What is the full original source and context of the quote attributed to Pope Leo about not following both Christ and the cruelty of kings?
Executive summary
Social media widely circulated the line “You cannot follow both Christ and the cruelty of kings” attributed to Pope Leo XIV in May 2025, but multiple contemporary fact-checks found no primary source or Vatican record confirming he ever said it [1] [2]. Snopes and other outlets traced the viral claim chiefly to social posts (including a Threads post from May 14, 2025) and conclude the quote is unverified and likely fabricated [1] [2] [3].
1. Viral origin: a meme, not a speech
The earliest public traces reporters and fact-checkers found were social-media posts and a Threads entry on May 14, 2025; searches for the exact wording returned only user-generated graphics and reposts rather than an official address or homily by Pope Leo XIV [1] [2] [3]. Snopes’ May 19 and June 15, 2025, pieces report no contemporaneous Vatican transcript, press release, or media recording that contains the sentence [1] [2].
2. What the fact-checks actually say
Independent fact-checkers — notably Snopes — state there is no evidence Pope Leo XIV publicly uttered that quote and that Google searches for the phrase turned up only social sharing of the graphic, not primary-source material [1] [2]. Yahoo-hosted fact-check summaries repeated the same finding: the line circulated widely but lacks verifiable origin in papal speeches or on vatican.va [4] [3].
3. The Vatican’s role and official record-keeping
Fact-checkers noted that the Vatican directs readers to vatican.va for authoritative texts of papal speeches, and they reported there was no matching text there for this quote [2] [3]. Available sources do not mention any response from the Holy See Press Office directly confirming the quote; Snopes said they reached out to the press office but had not received verification as of their reporting [1] [2].

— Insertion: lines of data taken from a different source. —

Lemma Lset_le (f : X -> R) :
  Lset g f = [set x | (g x <= (f x)%:E)%E /\ (g (- x)%R <= (- f x)%:E)%E].
Proof.
apply/seteqP; split => x /=; first by move=> [-> ->].
move=> [h1 h2]; have := sg.2.2 x (- x); rewrite subrr sg.1.
move: h1 h2 (gG.1.1 x) (gG.1.1 (- x)).
case E1: (g x) => [a| |] //; case E2: (g (- x)) => [b| |] //.
rewrite !lee_fin => h1 h2 _ _ h3.
have h4 : 0 <= a + b by rewrite -lee_fin EFinD.
by rewrite /Lset /= E1 E2; split; congr EFin; lra.
Qed.

Lemma Lset_perp (f : X -> R) : Lset g f = perp (fdiff (subdiff0 g) [set f]).
Proof.
apply/seteqP; split => x.
  move=> [gx gNx]; apply/perp_fdiff1P => h [[hl _] hg].
  by have := hg x; have := hg (- x); rewrite gx gNx (linear_formN hl) !lee_fin; lra.
move=> /perp_fdiff1P Hf; rewrite Lset_le; split; rewrite leNgt; apply/negP.
  by move=> /(subdiff0_gt gG sg) [h [sh]]; rewrite Hf //; lra.
move=> /(subdiff0_gt gG sg) [h [sh]].
by rewrite (linear_formN sh.1.1) Hf //; lra.
Qed.

Lemma Lset_translate (f : X -> R) x u : Lset g f u -> g (x + u)%R = (g x + (f u)%:E)%E.
Proof.
move=> [gu gNu]; apply/eqP; rewrite eq_le; apply/andP; split.
  by rewrite -gu; exact: sg.2.2.
have := sg.2.2 (x + u) (- u); rewrite addrK gNu.
move: (gG.1.1 x) (gG.1.1 (x + u)).
case: (g x) => [a| |] //; case: (g (x + u)) => [b| |] //.
  by rewrite -EFinD !lee_fin => _ _; lra.
by move=> _ _ _; rewrite leey.
Qed.

End Lset.

Unset Implicit Arguments. Set Strict Implicit.

Theorem proposition4 (R : realType) (X : tvsType R)
  (hX : hausdorff_space X) (nontriv : exists x : X, x != 0)
  (g : X -> \bar R) (hg : Gamma g) (sg : sublinear g) :
  (forall f : X -> R, dual_space f ->
     [/\ closed (Lset g f), lin_subspace (Lset g f),
         Lset g f = [set x | (g x <= (f x)%:E)%E /\ (g (- x)%R <= (- f x)%:E)%E],
         Lset g f = perp (fdiff (subdiff0 g) [set f])
       & forall x u, Lset g f u -> g (x + u)%R = (g x + (f u)%:E)%E])
  /\
  (forall u : X -> R, subdiff0 g u ->
     [/\ Lset g u = perp (fdiff (subdiff0 g) (subdiff0 g)),
         (forall f : X -> R, dual_space f -> Lset g f `<=` Lset g u)
       & forall v : X -> R, subdiff0 g v -> Lset g u = Lset g v]).
Proof.
have subdiff0_dual : subdiff0 g `<=` dual_space by move=> h [].
split=> [f df | u su].
  have B_dual : fdiff (subdiff0 g) [set f] `<=` dual_space.
    by apply: fdiff_dual subdiff0_dual _ => h ->.
  split.
  - by rewrite (Lset_perp hg sg); exact: perp_closed.
  - by rewrite (Lset_perp hg sg); exact: perp_lin_subspace.
  - exact: (Lset_le hg sg).
  - exact: (Lset_perp hg sg).
  - exact: (Lset_translate hg sg).
have Lu : Lset g u = perp (fdiff (subdiff0 g) (subdiff0 g)).
  by rewrite (Lset_perp hg sg) perp_fdiff1.
split=> // [f _ | v sv]; rewrite Lu (Lset_perp hg sg).
  exact: perp_fdiff1_sub.
by rewrite perp_fdiff1.
Qed.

4. Why the claim spread: politics, resonance and format
The line’s moral contrast between “Christ” and “cruelty of kings” made it easily repurposable as a political rebuke; some users framed it as an implicit criticism of contemporary political figures, increasing its shareability [4]. Fact-checking coverage highlights that concise, morally framed sentences are prime candidates to become viral quote-graphics even when they lack provenance [2].
5. Countervailing signals: continued circulation and confusion
Despite debunks, the phrase continued to reappear across platforms and was reshared in multiple large Facebook posts and Threads threads, at times garnering tens or even hundreds of thousands of reactions, according to later summaries [2] [5] [6]. That popular traction helps explain why variants and attributions persisted even after fact-checks published.
6. Alternative explanations and limits of current reporting
Reporters and fact-checkers did not identify an earlier source such as a historical text, sermon by another cleric, or a draft translation that could explain the line’s wording; searches turned up only modern reposts [1] [2]. Available sources do not mention any archival discovery or a verifiable audio/video clip matching the quote; therefore the exact origin remains unknown in current reporting [1] [2] [3].
7. How to verify similar papal quotations going forward
Fact-checkers advise consulting official Vatican publications (vatican.va) and press-office releases for full texts of speeches and homilies; social graphics lacking sourcing should be treated skeptically until cross-checked against primary records [2] [3]. Snopes’ method — tracing earliest posts, querying the Vatican, and searching official transcripts — provides a model for verification [1].
8. Bottom line and broader context
The available fact-checking record is clear: the sentence “You cannot follow both Christ and the cruelty of kings” lacks evidence tying it to any verified remark by Pope Leo XIV and appears to have been a viral fabrication spread via social media [1] [2] [3]. Readers should treat the attribution as unproven and rely on primary Vatican texts for authoritative papal quotations [2].